We had another appearance by Godot in the East; he streaked across the sky faster than lightning and arrived with a new threat in case anyone had missed the previous ones: “We have the means to blow you up.”
It won’t land over here yet; not this time.
But let’s get back to the word “Genocide” since so many people are talking about it.
From the Greek genos, “race” and the latin cide, “to kill” the term “genocide” designates the intentional , systematic and premeditated physical extermination of a group of humans or of a part of that group because of its origins.
The term was used for the first time in 1944 by Raphael Lemkin, a Jewish refugee of Polish origin and a professor of international law.

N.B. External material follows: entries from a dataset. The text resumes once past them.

(* Fix $u$ and values $B_u>0$, $R_u^S>0$, $F_u>0$, and write $c_u=B_u r_u$. Define $\eta_u^{\mathrm{opt}}\in[0,1]$, $T_u^{\eta\text{-opt}}$ and $V_u^{\eta\text{-opt}}$ by the following six exhaustive cases: 1. If $c_u<R_u^S$: $\eta_u^{\mathrm{opt}}=0$, $T_u^{\eta\text{-opt}}=\frac{D_u}{c_u}$, $V_u^{\eta\text{-opt}}=0$. 2. If $R_u^S\le c_u<\frac{R_u^S}{\zeta_u}$ and $\frac{F_u}{\rho_u}<\frac{c_u-R_u^S}{1-\zeta_u}$: $\eta_u^{\mathrm{opt}}=\frac{F_u}{F_u(1-\zeta_u)+\rho_uR_u^S}$, $T_u^{\eta\text{-opt}}=\frac{D_u\rho_u}{F_u(1-\zeta_u)+\rho_uR_u^S}$, $V_u^{\eta\text{-opt}}=\frac{D_u}{c_u}\left[c_u-R_u^S-(1-\zeta_u)\frac{F_u}{\rho_u}\right]$. 3. If $R_u^S\le c_u<\frac{R_u^S}{\zeta_u}$ and $\frac{F_u}{\rho_u}\ge\frac{c_u-R_u^S}{1-\zeta_u}$: $\eta_u^{\mathrm{opt}}=\frac{c_u-R_u^S}{(1-\zeta_u)c_u}$, $T_u^{\eta\text{-opt}}=\frac{D_u}{c_u}$, $V_u^{\eta\text{-opt}}=0$. 4. If $c_u\ge\frac{R_u^S}{\zeta_u}$ and $\frac{F_u}{\rho_u}<\frac{R_u^S}{\zeta_u}$: $\eta_u^{\mathrm{opt}}=\frac{F_u}{F_u(1-\zeta_u)+\rho_uR_u^S}$, $T_u^{\eta\text{-opt}}=\frac{D_u\rho_u}{F_u(1-\zeta_u)+\rho_uR_u^S}$, $V_u^{\eta\text{-opt}}=\frac{D_u}{c_u}\left[c_u-R_u^S-(1-\zeta_u)\frac{F_u}{\rho_u}\right]$. 5. If $c_u\ge\frac{R_u^S}{\zeta_u}$ and $\frac{R_u^S}{\zeta_u}\le\frac{F_u}{\rho_u}<c_u$: $\eta_u^{\mathrm{opt}}=1$, $T_u^{\eta\text{-opt}}=\frac{\zeta_uD_u}{R_u^S}$, $V_u^{\eta\text{-opt}}=\frac{D_u}{c_u}\left[c_u-R_u^S-(1-\zeta_u)\frac{F_u}{\rho_u}\right]$. 6. If $c_u\ge\frac{R_u^S}{\zeta_u}$ and $\frac{F_u}{\rho_u}\ge c_u$: $\eta_u^{\mathrm{opt}}=1$, $T_u^{\eta\text{-opt}}=\frac{\zeta_uD_u}{R_u^S}$, $V_u^{\eta\text{-opt}}=\frac{D_u}{c_u}(\zeta_uc_u-R_u^S)$. Then $T_u(B_u,R_u^S,F_u,\eta_u^{\mathrm{opt}})=T_u^{\eta\text{-opt}}$, $V_u(B_u,R_u^S,F_u,\eta_u^{\mathrm{opt}})=V_u^{\eta\text{-opt}}$, and for every $\eta_u\in[0,1]$, $T_u(B_u,R_u^S,F_u,\eta_u^{\mathrm{opt}})\le T_u(B_u,R_u^S,F_u,\eta_u)$ and $V_u(B_u,R_u^S,F_u,\eta_u^{\mathrm{opt}})\le V_u(B_u,R_u^S,F_u,\eta_u)$.
   Context: There are users $u=1,\dots,U$, each with constants $D_u>0$ (data size), $r_u>0$ (spectral efficiency), $\rho_u>0$ (computing intensity) and $\zeta_u\in(0,1)$ (computing output-to-input ratio). For $B_u>0$, $R_u^S>0$, $F_u>0$, $\eta_u\in[0,1]$, write $c_u=B_ur_u$ and define $T_u(B_u,R_u^S,F_u,\eta_u)$ and $V_u(B_u,R_u^S,F_u,\eta_u)$ piecewise: (a) if $\eta_uc_u\ge F_u/\rho_u$, $\zeta_uF_u/\rho_u+(1-\eta_u)c_u\ge R_u^S$, $F_u/\rho_u\ge\frac{\eta_uR_u^S}{\zeta_u\eta_u+1-\eta_u}$: $T_u=\frac{D_u}{R_u^S}(\zeta_u\eta_u+1-\eta_u)$, $V_u=\frac{D_u}{c_u}[c_u-R_u^S-(1-\zeta_u)\frac{F_u}{\rho_u}]$; (b) if $\eta_uc_u\ge F_u/\rho_u$, $\zeta_uF_u/\rho_u+(1-\eta_u)c_u\ge R_u^S$, $F_u/\rho_u<\frac{\eta_uR_u^S}{\zeta_u\eta_u+1-\eta_u}$: $T_u=\frac{\eta_uD_u\rho_u}{F_u}$, $V_u=\frac{D_u}{c_u}[c_u-R_u^S-(1-\zeta_u)\frac{F_u}{\rho_u}]$; (c) if $\eta_uc_u\ge F_u/\rho_u$, $\zeta_uF_u/\rho_u+(1-\eta_u)c_u< R_u^S$: $T_u=\frac{\eta_uD_u\rho_u}{F_u}$, $V_u=\frac{D_u}{c_u}(\eta_uc_u-\frac{F_u}{\rho_u})$; (d) if $\eta_uc_u< F_u/\rho_u$, $(\zeta_u\eta_u+1-\eta_u)c_u\ge R_u^S$: $T_u=\frac{D_u}{R_u^S}(\zeta_u\eta_u+1-\eta_u)$, $V_u=\frac{D_u}{c_u}[(\zeta_u\eta_u+1-\eta_u)c_u-R_u^S]$; (e) if $\eta_uc_u< F_u/\rho_u$, $(\zeta_u\eta_u+1-\eta_u)c_u< R_u^S$: $T_u=\frac{D_u}{c_u}$, $V_u=0$. *)

From mathcomp Require Import all_boot all_order all_algebra.
Set Implicit Arguments. Unset Strict Implicit. Unset Printing Implicit Defensive.
Import Order.TTheory GRing.Theory Num.Theory.
Local Open Scope ring_scope.

Section Model.
Variable R : realFieldType.
(* per-user constants: D (data size), r (spectral efficiency),
   rho (computing intensity), zeta (output/input ratio) *)
Variables (D r rho zeta : R).

Definition cap (B : R) : R := B * r.

Definition Tu (B RS F eta : R) : R :=
  let c := cap B in
  if F / rho <= eta * c then
    if RS <= zeta * (F / rho) + (1 - eta) * c then
      if eta * RS / (zeta * eta + 1 - eta) <= F / rho
      then D / RS * (zeta * eta + 1 - eta)
      else eta * D * rho / F
    else eta * D * rho / F
  else
    if RS <= (zeta * eta + 1 - eta) * c
    then D / RS * (zeta * eta + 1 - eta)
    else D / c.

Definition Vu (B RS F eta : R) : R :=
  let c := cap B in
  if F / rho <= eta * c then
    if RS <= zeta * (F / rho) + (1 - eta) * c then
      D / c * (c - RS - (1 - zeta) * (F / rho))
    else D / c * (eta * c - F / rho)
  else
    if RS <= (zeta * eta + 1 - eta) * c
    then D / c * ((zeta * eta + 1 - eta) * c - RS)
    else 0.

Definition eta_opt (B RS F : R) : R :=
  let c := cap B in
  if c < RS then 0
  else if c < RS / zeta then
    if F / rho < (c - RS) / (1 - zeta)
    then F / (F * (1 - zeta) + rho * RS)
    else (c - RS) / ((1 - zeta) * c)
  else if F / rho < RS / zeta
    then F / (F * (1 - zeta) + rho * RS)
  else 1.

Definition T_opt (B RS F : R) : R :=
  let c := cap B in
  if c < RS then D / c
  else if c < RS / zeta then
    if F / rho < (c - RS) / (1 - zeta)
    then D * rho / (F * (1 - zeta) + rho * RS)
    else D / c
  else if F / rho < RS / zeta
    then D * rho / (F * (1 - zeta) + rho * RS)
  else zeta * D / RS.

Personally affected by the mass murders in Armenia, for which he wanted to establish a judiciary status, Lemkin wanted just as strongly a new word to characterize the nature of the Nazi crimes. Yet the Nuremberg trial did not use this word. It only entered the vocabulary of International Law in 1948 with the approval of the United Nations’ General Assembly in a text entitled “Prevention and Repression of the Crime of Genocide”. It now features at the center of Article 6 of the Statutes of the International Penal Court.
Yet the UN has only officially recognized three genocides: that of the Armenians in 1915–1916, perpetrated by the Ottoman Empire and still not acknowledged by Turkey, the genocide of Jews by the Nazis; the genocide of the Tutsis, committed by the Hutus in power in Rwanda in 1994.
This does not mean that all member States recognize them in their legislation.
What then about the massacres and the elimination of the native American peoples? What about the Roms? And what minimal definition should apply to the bloody episodes of colonization, the destruction of Peoples, of their environment and cultures, in Africa, in Asia? How do we characterize current crimes and persecutions perpetrated agains the Uigours in China?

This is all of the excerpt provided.